Foremost among these methods has undoubtedly been statistical method; indeed, it was the needs of biology which gave the stimulus for the development of a large part of the recent advances in statistical theory. In this connection the names of Francis Galton, Karl Pearson, William Gosset (who wrote under the pseudonym of Student) and R. A. Fisher, should be familiar to all biologists.
Statistical method provides procedures for handling numerical data which are subject to uncontrolled variation. Examples of such data are to be found in any scientific investigation where measurements are made. The use of a collection of measurements on selected characteristics, e.g., beak, wing, leg and tail lengths of birds from different areas, as an aid to classification of the group into sub-species or races, is a case of some interest. If one takes the measurements of the birds of one species in a restricted area, the results will differ from bird to bird and there will certainly be a greater range of variation in the observations obtained from the examination of birds from a larger area, or from widely separated localities. The results will differ, although they may overlap to a certain extent, but due to basic variability there will be uncertainty whether the differences are due merely to the differences to be expected in sampling from one species, or whether they indicate a real difference between the groups examined.

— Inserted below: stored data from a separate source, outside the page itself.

(* Let $T\ge2$, let $n\ge2T^2$ be an integer, and $N=\frac{\sqrt{2n+1}+\sqrt{2n+3}}{2}$. Then for all $x,y\in[-T,T]$, $$k_n(x,y)=\frac1\pi\frac{\sin N(x-y)}{x-y}+R_n(x,y)\qquad\text{with}\qquad |R_n(x,y)|\le\frac{17T^2}{\sqrt{2n+1}},$$ where for $x=y$ the first term is interpreted as $N/\pi$.
   Context: For an integer $n\ge0$, $H_n(x)=(-1)^n e^{x^2}\frac{d^n}{dx^n}e^{-x^2}$ is the $n$-th Hermite polynomial and $h_n(x)=\frac{1}{\pi^{1/4}\sqrt{2^n n!}}H_n(x)e^{-x^2/2}$ is the $n$-th Hermite function; $(h_n)_{n\ge0}$ is an orthonormal basis of $L^2(\mathbb R)$. The kernel $k_n(x,y)=\sum_{k=0}^n h_k(x)h_k(y)$ is the kernel of the orthogonal projection of $L^2(\mathbb R)$ onto $\mathrm{span}(h_0,\dots,h_n)$. *)

From Stdlib Require Import Reals Lra Lia Arith Factorial ClassicalEpsilon.
Open Scope R_scope.

(* The derivative of f at x: the (unique) l with derivable_pt_lim f x l,
   chosen by Hilbert's epsilon (an arbitrary value if f is not differentiable at x;
   irrelevant here since all functions involved are smooth). *)
Definition deriv (f : R -> R) (x : R) : R :=
  epsilon (inhabits 0) (fun l => derivable_pt_lim f x l).

Fixpoint nth_deriv (n : nat) (f : R -> R) : R -> R :=
  match n with
  | O => f
  | S m => deriv (nth_deriv m f)
  end.

Definition hermite_poly (n : nat) (x : R) : R :=
  (-1) ^ n * exp (x ^ 2) * nth_deriv n (fun t => exp (- t ^ 2)) x.

Definition hermite_fun (n : nat) (x : R) : R :=
  / (Rpower PI (1/4) * sqrt (2 ^ n * INR (fact n))) * hermite_poly n x * exp (- x ^ 2 / 2).

Definition kernel_k (n : nat) (x y : R) : R :=
  sum_f_R0 (fun k => hermite_fun k x * hermite_fun k y) n.

Definition sinc_term (N x y : R) : R :=
  if Req_EM_T x y then N / PI else / PI * (sin (N * (x - y)) / (x - y)).

(* On [-T, T] the Hermite function h = h_n solves h'' = (x^2 - λ^2) h with λ^2 = 2n + 1,
   a perturbation of size T^2 of the oscillator h'' = -λ^2 h.  By Christoffel-Darboux,
   k_n(x, y) is h(x) h(y) / 2 plus the Wronskian h(x) h'(y) - h'(x) h(y) divided by
   2 (x - y).  The energy h^2 + h'^2 / (λ^2 - z^2) has logarithmic derivative O(T / λ^2),
   so on [-T, T] it stays within a factor 1 + O(T^2 / λ^2) of its value at 0, which the
   Wallis inequalities pin to 2 / (π λ).  Writing h = A cos λz + B sin λz, the coefficients
   move at speed O(T^2 |h| / λ); hence the Wronskian equals λ (A^2 + B^2) sin λ(x - y) up to
   O(T^2 |x - y| / λ), with λ (A^2 + B^2) = 2 / π + O(T^2 / λ^2).  Finally N - λ = O(1 / λ). *)

From Stdlib Require Import Reals Lra Lia Psatz Factorial ClassicalEpsilon FunctionalExtensionality.
From Coquelicot Require Import Coquelicot.
Open Scope R_scope.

An excellent example of a study of this problem for an ocean sea bird is set out in “The Life Cycle of Wilson's Petrel,” by Brian Roberts (1940). His analysis for birds collected from widely dispersed regions in the Southern ocean, has shown that there are four distinct subspecific races separable by measurements. The importance of the result obtained by this method is stressed because many past separations into races in birds, and in many other animal and plant groups has been done arbitrarily or from insufficient data, and can be shown to be invalid when subjected to statistical analysis.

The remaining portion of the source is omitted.